A man was sitting there. He was wearing a grey business suit, stained dark at the collar. He was slumped forward, chin to chest.

"Sir?" Rebecca lowered her weapon slightly, her instincts shifting from 'officer' to 'healer.' She took a step forward. "Sir, I'm an officer with S.T.A.R.S. Are you injured? Do you need assistance?"

Rebecca walked closer, her boots squeaking softly on the blood-slicked carpet. She reached out a gloved hand to touch his shoulder.

The man groaned.

It wasn't a cry for help. It was a wet, gurgling sound, like air bubbling through fluid in a punctured lung.

He slowly turned his head.

Rebecca froze. The breath trapped in her throat turned to ice.

The person in the seat was dead. Biologically, clinically, undeniably dead.

Half of the man's face was missing. The skin was grey, peeling away from the skull like wet paper. His jaw hung slack, the mouth smeared with fresh, crimson blood that dripped onto his tie. But it was the eyes that broke her reality. They were bulging, clouded with a milky, cataract-white haze that stared at nothing and everything.

"Uhh... uhhh..."

At that moment, the corpse in the chair didn't slump over.

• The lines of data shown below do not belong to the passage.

(* Let $\mathcal X$ be a compact set in a normed space (dual norm $\|\cdot\|_*$), let $w_n>0$, and let each $l_n$ be differentiable and $\mu_n$-strongly convex for some $\mu_n\ge0$, with $\sum_{m=1}^nw_m\mu_m>0$ for all $n$. In round $n$ let $v_{n+1}$ be a differentiable (possibly nonconvex) function such that $\sum_{m=1}^nw_ml_m+w_{n+1}v_{n+1}$ is convex, and suppose the learner plays $x_{n+1}\in\operatorname{arg\,min}_{x\in\mathcal X}\big(\sum_{m=1}^nw_ml_m+w_{n+1}v_{n+1}\big)(x)$ (with $x_1\in\operatorname{arg\,min}_{\mathcal X}v_1$, $v_1$ convex). Then $$\mathrm{regret}^w(\mathcal X):=\sum_{n=1}^Nw_nl_n(x_n)-\min_{x\in\mathcal X}\sum_{n=1}^Nw_nl_n(x)\le\sum_{n=1}^N\frac{w_n^2\|\nabla l_n(x_n)-\nabla v_n(x_n)\|_*^2}{2\sum_{m=1}^nw_m\mu_m}.$$ In particular, if $\mu_n=\mu>0$ and $w_n=n^p$ with $p\ge0$, then $\mathrm{regret}^w(\mathcal X)\le\frac{p+1}{2\mu}\sum_{n=1}^Nn^{p-1}\|\nabla l_n(x_n)-\nabla v_n(x_n)\|_*^2$. *)

From HB Require Import structures.
From mathcomp Require Import all_boot all_order all_algebra.
From mathcomp Require Import all_classical all_reals all_analysis.
Set Implicit Arguments. Unset Strict Implicit. Unset Printing Implicit Defensive.
Import Order.TTheory GRing.Theory Num.Theory.
Import numFieldNormedType.Exports.
Local Open Scope classical_set_scope.
Local Open Scope ring_scope.

Definition convex_in (R : realType) (V : normedModType R) (X : set V) :=
  forall x y t, X x -> X y -> 0 <= t <= 1 -> X (t *: x + (1 - t) *: y).

Definition strongly_convex_on (R : realType) (V : normedModType R)
  (X : set V) (mu : R) (f : V -> R) :=
  forall x y t, X x -> X y -> 0 <= t <= 1 ->
    f (t *: x + (1 - t) *: y) <=
      t * f x + (1 - t) * f y - mu / 2 * t * (1 - t) * `|x - y| ^+ 2.

Definition convex_on (R : realType) (V : normedModType R)
  (X : set V) (f : V -> R) := strongly_convex_on X 0 f.

Definition dual_norm (R : realType) (V : normedModType R) (L : V -> R) : R :=
  sup [set `|L h| | h in [set h : V | `|h| <= 1]].

Definition is_argmin (R : realType) (V : normedModType R)
  (X : set V) (f : V -> R) (x : V) :=
  X x /\ forall y, X y -> f x <= f y.

Definition wregret (R : realType) (V : normedModType R) (X : set V)
  (w : nat -> R) (l : nat -> V -> R) (x : nat -> V) (N : nat) : R :=
  \sum_(1 <= n < N.+1) w n * l n (x n)
  - inf [set \sum_(1 <= n < N.+1) w n * l n y | y in X].

(* Let F_n := sum_(m <= n) w_m l_m, which is S_n-strongly convex for
   S_n := sum_(m <= n) w_m mu_m, and G_n := F_(n-1) + w_n v_n, which x_n
   minimises over X.  As F_n = G_n + w_n (l_n - v_n), moving from x_n towards
   any z in X, optimality of x_n for G_n and strong convexity of F_n give
     F_n x_n - F_n z <= w_n D_n |z - x_n| - S_n / 2 |z - x_n|^2
                     <= w_n^2 D_n^2 / (2 S_n),
   where D_n is the dual norm of grad l_n (x_n) - grad v_n (x_n).  These
   "be-the-leader" gaps add up to a bound on the regret.  For mu_n = mu and
   w_n = n^p the second bound follows from n^(p+1) <= (p+1) sum_(m <= n) m^p,
   obtained by the mean value theorem one step at a time. *)

From HB Require Import structures.
From mathcomp Require Import all_boot all_order all_algebra.
From mathcomp Require Import all_classical all_reals all_analysis.
From mathcomp Require Import ring lra.
Import Order.TTheory GRing.Theory Num.Theory.
Import numFieldNormedType.Exports.
Local Open Scope classical_set_scope.
Local Open Scope ring_scope.

Section StronglyConvex.
Context {R : realType} {V : normedModType R}.
Implicit Types (X : set V) (F G g : V -> R).

Lemma strongly_convex_on_sum X (I : eqType) (r : seq I) (w mu : I -> R)
    (f : I -> V -> R) :
  {in r, forall i, 0 <= w i} -> {in r, forall i, strongly_convex_on X (mu i) (f i)} ->
  strongly_convex_on X (\sum_(i <- r) w i * mu i) (fun y => \sum_(i <- r) w i * f i y).
Proof.
move=> w_ge0 scf x y t Xx Xy t01.
apply: (@le_trans _ _ (\sum_(i <- r) w i * (t * f i x + (1 - t) * f i y
   - mu i / 2 * t * (1 - t) * `|x - y| ^+ 2))).
  by rewrite big_seq [leRHS]big_seq; apply: ler_sum => i ri; rewrite ler_wpM2l ?w_ge0 ?scf.
rewrite !mulr_sumr !mulr_suml -!big_split -sumrB /=.
by apply: ler_sum => i _; rewrite le_eqVlt; apply/predU1P; left; ring.
Qed.

Lemma differential_cvg_right {f : V -> R} {x h : V} : differentiable f x ->
  (fun t : R => t^-1 * (f (t *: h + x) - f x)) @ 0^'+ --> 'd f x h.
Proof.
move=> df; rewrite -deriveE //; apply: cvg_dnbhs_at_right.
exact: diff_derivable.
Qed.

(* Along the segment from [x] to [z], [g = F - G] grows no faster than [F],
   whose increments strong convexity controls; let [t -> 0+]. *)
Lemma strongly_convex_argmin_slope_le {X F G g} {S L : R} {x z : V} :
  convex_in X -> X x -> X z -> (forall y, X y -> G x <= G y) ->
  (forall y, F y = G y + g y) -> strongly_convex_on X S F ->
  (fun t : R => t^-1 * (g (t *: (z - x) + x) - g x)) @ 0^'+ --> L ->
  L <= F z - F x - S / 2 * `|z - x| ^+ 2.
Proof.
move=> cX Xx Xz Gmin FE scF slope.
set K := F z - F x - S / 2 * `|z - x| ^+ 2.
have cvgK : (fun t : R => K + t * (S / 2 * `|z - x| ^+ 2)) @ 0^'+ -->
    K + 0 * (S / 2 * `|z - x| ^+ 2).
  by apply: cvg_at_right_filter; apply: cvgD; [exact: cvg_cst | apply: cvgMr_tmp].
rewrite mul0r addr0 in cvgK.
apply: (ler_cvg_to slope cvgK); near=> t.
have t_gt0 : 0 < t by near: t; exact: nbhs_right_gt.
have t_le1 : t <= 1 by near: t; exact: nbhs_right_le.
have yE : t *: (z - x) + x = t *: z + (1 - t) *: x.
  by rewrite scalerBr scalerBl scale1r addrCA addrC.
have t01 : 0 <= t <= 1 by rewrite ltW.
have Gy := Gmin _ (cX _ _ _ Xz Xx t01); rewrite -yE in Gy.
have Fy := scF _ _ _ Xz Xx t01; rewrite -yE in Fy.
rewrite ler_pdivrMl // /K; move: Gy Fy; rewrite !FE; nra.
Unshelve. all: by end_near.
Qed.

Lemma mulr_sub_half_sqr_le (D u S : R) : 0 < S ->
  D * u - S / 2 * u ^+ 2 <= D ^+ 2 / (2 * S).
Proof.
move=> S_gt0; rewrite ler_pdivlMr ?mulr_gt0 //.
have : 0 <= (D - S * u) ^+ 2 by exact: sqr_ge0.
have -> : (D * u - S / 2 * u ^+ 2) * (2 * S) = D ^+ 2 - (D - S * u) ^+ 2.
  by field.
lra.
Qed.

Lemma strongly_convex_argmin_gap {X F G} {a b : V -> R} {S c D : R} {x z : V} :
  0 < S -> 0 <= c -> convex_in X -> X x -> X z ->
  (forall y, X y -> G x <= G y) -> (forall y, F y = G y + c * (a y - b y)) ->
  strongly_convex_on X S F -> differentiable a x -> differentiable b x ->
  (forall h, `|'d a x h - 'd b x h| <= D * `|h|) ->
  F x - F z <= (c * D) ^+ 2 / (2 * S).
Proof.
move=> S_gt0 c_ge0 cX Xx Xz Gmin FE scF da db Dab.
pose g y := c * (a y - b y); set h := z - x.
have slope : (fun t : R => t^-1 * (g (t *: h + x) - g x)) @ 0^'+ -->
    c * ('d a x h - 'd b x h).
  have -> : (fun t : R => t^-1 * (g (t *: h + x) - g x)) = (fun t =>
      c * (t^-1 * (a (t *: h + x) - a x) - t^-1 * (b (t *: h + x) - b x))).
    by apply/funext => t; rewrite /g; ring.
  by apply: cvgMl_tmp; apply: cvgB; exact: differential_cvg_right.
have := strongly_convex_argmin_slope_le cX Xx Xz Gmin FE scF slope.
have : c * - ('d a x h - 'd b x h) <= c * (D * `|h|).
  by rewrite ler_wpM2l // (le_trans _ (Dab h)) // -normrN ler_norm.
have := mulr_sub_half_sqr_le (c * D) `|h| _ S_gt0.
lra.
Qed.

End StronglyConvex.

Section DualNorm.
Context {R : realType} {V : normedModType R}.

Lemma differential_bounded {f : V -> R} {x} : differentiable f x ->
  exists2 r, 0 <= r & forall h, `|'d f x h| <= r * `|h|.
Proof.
move=> df; have c0 : {for 0, continuous ('d f x)} by exact: diff_continuous.
have := @continuous_linear_bounded R V R 0 ('d f x) c0.
by move=> /linear_boundedP /pinfty_ex_gt0 [r /ltW r_ge0 H]; exists r.
Qed.

Lemma le_dual_norm (L : V -> R) :
  (forall (k : R) h, L (k *: h) = k * L h) ->
  (exists2 r, 0 <= r & forall h, `|L h| <= r * `|h|) ->
  forall h, `|L h| <= dual_norm L * `|h|.
Proof.
move=> LZ [r r_ge0 Lr] h.
have ubL : has_ubound [set `|L y| | y in [set y : V | `|y| <= 1]].
  by exists r => _ [y /= y1 <-]; rewrite (le_trans (Lr y)) // ler_piMr.
have [->|h0] := eqVneq h 0.
  by rewrite normr0 mulr0 -(scale0r 0) LZ mul0r normr0.
have := ub_le_sup ubL (ex_intro2 _ _ (`|h|^-1 *: h) _ erefl).
rewrite /= normfZV // => /(_ (lexx 1)).
by rewrite LZ normrM normfV normr_id mulrC -ler_pdivrMr ?normr_gt0.
Qed.

Lemma le_dual_norm_diffB (f f' : V -> R) x h :
  differentiable f x -> differentiable f' x ->
  `|'d f x h - 'd f' x h| <= dual_norm (fun h => 'd f x h - 'd f' x h) * `|h|.
Proof.
move=> df df'; apply: le_dual_norm => [k y|].
  by rewrite !linearZ /= scalerN mulrBr.
have [r1 r1_ge0 B1] := differential_bounded df.
have [r2 r2_ge0 B2] := differential_bounded df'.
exists (r1 + r2) => [|y]; first exact: addr_ge0.
by rewrite mulrDl (le_trans (ler_normB _ _)) // lerD.
Qed.

End DualNorm.

Section WeightedRegret.
Context {R : realType} {V : normedModType R}.
Implicit Types (X : set V).

Lemma wregret_le_sum_gap {X} {w : nat -> R} {l : nat -> V -> R} {x : nat -> V}
    {B : nat -> R} {N} :
  X !=set0 -> (forall n, (1 <= n <= N)%N -> X (x n)) ->
  (forall n, (1 <= n <= N)%N -> forall z, X z ->
     \sum_(1 <= m < n.+1) w m * l m (x n) - \sum_(1 <= m < n.+1) w m * l m z <= B n) ->
  wregret X w l x N <= \sum_(1 <= n < N.+1) B n.
Proof.
move=> [z0 Xz0] Xx gap.
have cumulative_gap k : (k <= N)%N -> forall z, X z ->
    \sum_(1 <= n < k.+1) w n * l n (x n) - \sum_(1 <= m < k.+1) w m * l m z
    <= \sum_(1 <= n < k.+1) B n.
  elim: k => [|k IH] kN z Xz; first by rewrite !big_geq // subrr.
  have kN' : (1 <= k.+1 <= N)%N by [].
  have := IH (ltnW kN) _ (Xx _ kN'); have := gap _ kN' z Xz.
  rewrite !(big_nat_recr k.+1) //=; lra.
rewrite /wregret lerBlDl -lerBlDr.
apply: lb_le_inf => [|_ [z Xz <-]]; first by exists (\sum_(1 <= n < N.+1) w n * l n z0), z0.
by rewrite lerBlDr -lerBlDl; exact: cumulative_gap.
Qed.

Lemma optimistic_leader_gap {X} {w mu : nat -> R} {l v : nat -> V -> R} {n : nat}
    {xn z : V} :
  (0 < n)%N -> convex_in X -> X z ->
  (forall m, (1 <= m <= n)%N -> 0 <= w m) ->
  (forall m, (1 <= m <= n)%N -> strongly_convex_on X (mu m) (l m)) ->
  0 < \sum_(1 <= m < n.+1) w m * mu m ->
  differentiable (l n) xn -> differentiable (v n) xn ->
  is_argmin X (fun y => \sum_(1 <= m < n) w m * l m y + w n * v n y) xn ->
  \sum_(1 <= m < n.+1) w m * l m xn - \sum_(1 <= m < n.+1) w m * l m z <=
  w n ^+ 2 * dual_norm (fun h => 'd (l n) xn h - 'd (v n) xn h) ^+ 2
    / (2 * \sum_(1 <= m < n.+1) w m * mu m).
Proof.
move=> n_gt0 cX Xz w_ge0 scl S_gt0 dl dv [Xn minn]; rewrite -exprMn.
apply: (strongly_convex_argmin_gap (F := fun y => \sum_(1 <= m < n.+1) w m * l m y)
  S_gt0 _ cX Xn Xz minn _ _ dl dv).
- by rewrite w_ge0 // n_gt0 /=.
- by move=> y; rewrite big_nat_recr //=; ring.
- by apply: strongly_convex_on_sum => m; rewrite mem_index_iota ltnS; [exact: w_ge0 | exact: scl].
- by move=> h; exact: le_dual_norm_diffB.
Qed.

End WeightedRegret.

Section PowerSums.
Context {R : realType}.

Lemma powR_succ_sub_le (p : R) (n : nat) : 0 <= p ->
  n.+1%:R `^ (p + 1) - n%:R `^ (p + 1) <= (p + 1) * n.+1%:R `^ p.
Proof.
move=> p_ge0; have p1_gt0 : 0 < p + 1 by lra.
case: n => [|n].
  rewrite powR0 ?gt_eqF // subr0 !powR1 mulr1; lra.
set a : R := n.+1%:R; set b : R := n.+2%:R.
have a_gt0 : 0 < a by rewrite ltr0n.
have bE : b = a + 1 by rewrite /a /b -addn1 natrD.
have ab : a < b by lra.
have der y : y \in `]a, b[ ->
    is_derive y 1 (fun y => y `^ (p + 1)) ((p + 1) * y `^ (p + 1 - 1)).
  by rewrite in_itv /= => /andP[ay _]; apply: is_derive1_powR; lra.
have cont : {within `[a, b], continuous (fun y : R => y `^ (p + 1))}.
  apply: continuous_in_subspaceT => y; rewrite inE /= in_itv /= => /andP[ay _].
  apply/differentiable_continuous/derivable1_diffP.
  by apply: derivable_powR; rewrite in_itv /= andbT; lra.
have [c + ->] := MVT ab der cont; rewrite in_itv /= => /andP[ac cb].
rewrite addrK bE addrAC subrr add0r mulr1 ler_pM2l //.
by apply: ge0_ler_powR; rewrite ?nnegrE; lra.
Qed.

Lemma powR_le_sum (p : R) (n : nat) : 0 <= p ->
  n%:R `^ (p + 1) <= (p + 1) * \sum_(1 <= m < n.+1) m%:R `^ p.
Proof.
move=> p_ge0; elim: n => [|n IH].
  by rewrite big_geq // mulr0 powR0 // gt_eqF //; lra.
rewrite big_nat_recr //= mulrDr; have := powR_succ_sub_le p n p_ge0; lra.
Qed.

Lemma pow_weight_ratio_le (mu0 p D : R) (n : nat) : 0 < mu0 -> 0 <= p -> (0 < n)%N ->
  (n%:R `^ p) ^+ 2 * D ^+ 2 / (2 * \sum_(1 <= m < n.+1) m%:R `^ p * mu0) <=
  (p + 1) / (2 * mu0) * (n%:R `^ (p - 1) * D ^+ 2).
Proof.
move=> mu0_gt0 p_ge0 n_gt0.
rewrite -mulr_suml; set T := \sum_(1 <= m < n.+1) _.
have n_gt0' : 0 < n%:R :> R by rewrite ltr0n.
have lbT := powR_le_sum p n p_ge0; rewrite -/T in lbT.
have T_gt0 : 0 < T.
  have : 0 < n%:R `^ (p + 1) by rewrite powR_gt0.
  nra.
have sqE : (n%:R `^ p) ^+ 2 = n%:R `^ (p + 1) * n%:R `^ (p - 1).
  rewrite expr2 -!powRD ?(gt_eqF n_gt0') ?implybT //; congr powR; ring.
rewrite ler_pdivrMr ?mulr_gt0 //.
have -> : (p + 1) / (2 * mu0) * (n%:R `^ (p - 1) * D ^+ 2) * (2 * (T * mu0)) =
    (p + 1) * T * (n%:R `^ (p - 1) * D ^+ 2) by field; rewrite gt_eqF.
by rewrite sqE -mulrA ler_wpM2r // mulr_ge0 ?powR_ge0 ?sqr_ge0.
Qed.

End PowerSums.

Theorem lemma17 (R : realType) (V : normedModType R) (X : set V)
  (N : nat) (w mu : nat -> R) (l v : nat -> V -> R) (x : nat -> V) :
  compact X -> convex_in X ->
  (forall n, (1 <= n <= N)%N -> 0 < w n) ->
  (forall n, (1 <= n <= N)%N -> 0 <= mu n) ->
  (forall n, (1 <= n <= N)%N -> forall y : V, differentiable (l n) y) ->
  (forall n, (1 <= n <= N)%N -> strongly_convex_on X (mu n) (l n)) ->
  (forall n, (1 <= n <= N)%N -> 0 < \sum_(1 <= m < n.+1) w m * mu m) ->
  (forall n, (1 <= n <= N)%N -> forall y : V, differentiable (v n) y) ->
  convex_on X (v 1%N) ->
  is_argmin X (v 1%N) (x 1%N) ->
  (forall n, (1 <= n < N)%N ->
     convex_on X (fun y => \sum_(1 <= m < n.+1) w m * l m y + w n.+1 * v n.+1 y)
     /\ is_argmin X
          (fun y => \sum_(1 <= m < n.+1) w m * l m y + w n.+1 * v n.+1 y)
          (x n.+1)) ->
  wregret X w l x N <=
    \sum_(1 <= n < N.+1)
       (w n ^+ 2 * dual_norm (fun h => 'd (l n) (x n) h - 'd (v n) (x n) h) ^+ 2)
       / (2 * \sum_(1 <= m < n.+1) w m * mu m)
  /\
  (forall (mu0 p : R), 0 < mu0 -> 0 <= p ->
     (forall n, (1 <= n <= N)%N -> mu n = mu0) ->
     (forall n, (1 <= n <= N)%N -> w n = n%:R `^ p) ->
     wregret X w l x N <=
       (p + 1) / (2 * mu0) *
       \sum_(1 <= n < N.+1)
          (n%:R `^ (p - 1) *
           dual_norm (fun h => 'd (l n) (x n) h - 'd (v n) (x n) h) ^+ 2)).
Proof.
(* Compactness of [X] and convexity of the objectives only guarantee that the
   minimisers exist, and [0 <= mu n] is subsumed by [0 < S_n]. *)
move=> _ cX w_gt0 _ dl scl S_gt0 dv _ x1_min xn_min.
have leader_min n : (1 <= n <= N)%N ->
    is_argmin X (fun y => \sum_(1 <= m < n) w m * l m y + w n * v n y) (x n).
  case: n => [//|[|n]] nN; last by have [_] := xn_min n.+1 nN.
  have [X1 min1] := x1_min; split=> // y Xy.
  by rewrite !big_geq // !add0r ler_pM2l ?w_gt0 ?min1.
pose B n := w n ^+ 2 * dual_norm (fun h => 'd (l n) (x n) h - 'd (v n) (x n) h) ^+ 2
  / (2 * \sum_(1 <= m < n.+1) w m * mu m).
have gap n : (1 <= n <= N)%N -> forall z, X z ->
    \sum_(1 <= m < n.+1) w m * l m (x n) - \sum_(1 <= m < n.+1) w m * l m z <= B n.
  move=> /[dup] nN /andP[n_gt0 n_leN] z Xz.
  have le_N m : (1 <= m <= n)%N -> (1 <= m <= N)%N.
    by case/andP=> m_gt0 mn; rewrite m_gt0 (leq_trans mn n_leN).
  apply: (optimistic_leader_gap n_gt0 cX Xz _ _ (S_gt0 n nN) (dl n nN _) (dv n nN _)
    (leader_min n nN)) => m /le_N mN; [exact: ltW (w_gt0 m mN) | exact: scl].
have part1 : wregret X w l x N <= \sum_(1 <= n < N.+1) B n.
  apply: wregret_le_sum_gap gap; first by exists (x 1%N); case: x1_min.
  by move=> n /leader_min [].
split=> // mu0 p mu0_gt0 p_ge0 mu_eq w_eq.
apply: (le_trans part1); rewrite mulr_sumr; apply: ler_sum_nat => n /andP[n_gt0 n_ltN].
have nN : (1 <= n <= N)%N by rewrite n_gt0 -ltnS.
rewrite /B; have -> : \sum_(1 <= m < n.+1) w m * mu m = \sum_(1 <= m < n.+1) m%:R `^ p * mu0.
  apply: eq_big_nat => m /andP[m_gt0 mn].
  by rewrite w_eq ?mu_eq // m_gt0 -ltnS (leq_trans mn n_ltN).
by rewrite w_eq // pow_weight_ratio_le.
Qed.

It stood up.

It roared—a guttural, hungry sound—and stretched out its hands, stumbling toward her with jerky, spasmodic movements.

This shocked Rebecca to her core. Her mind, trained in chemistry and biology, screamed a rejection. Dead tissues do not contract. Synapses do not fire after cessation of heart function. This is impossible.

Then the woman next to him stood up. Her neck was broken, head lolling to the side.

Then the passenger across the aisle rose, missing an arm.

They all looked dead. And they were all moving.

"Freeze!" Rebecca shouted, bringing her Samurai Edge up. Her voice cracked, high and terrified. "Stay back! I said stay back!"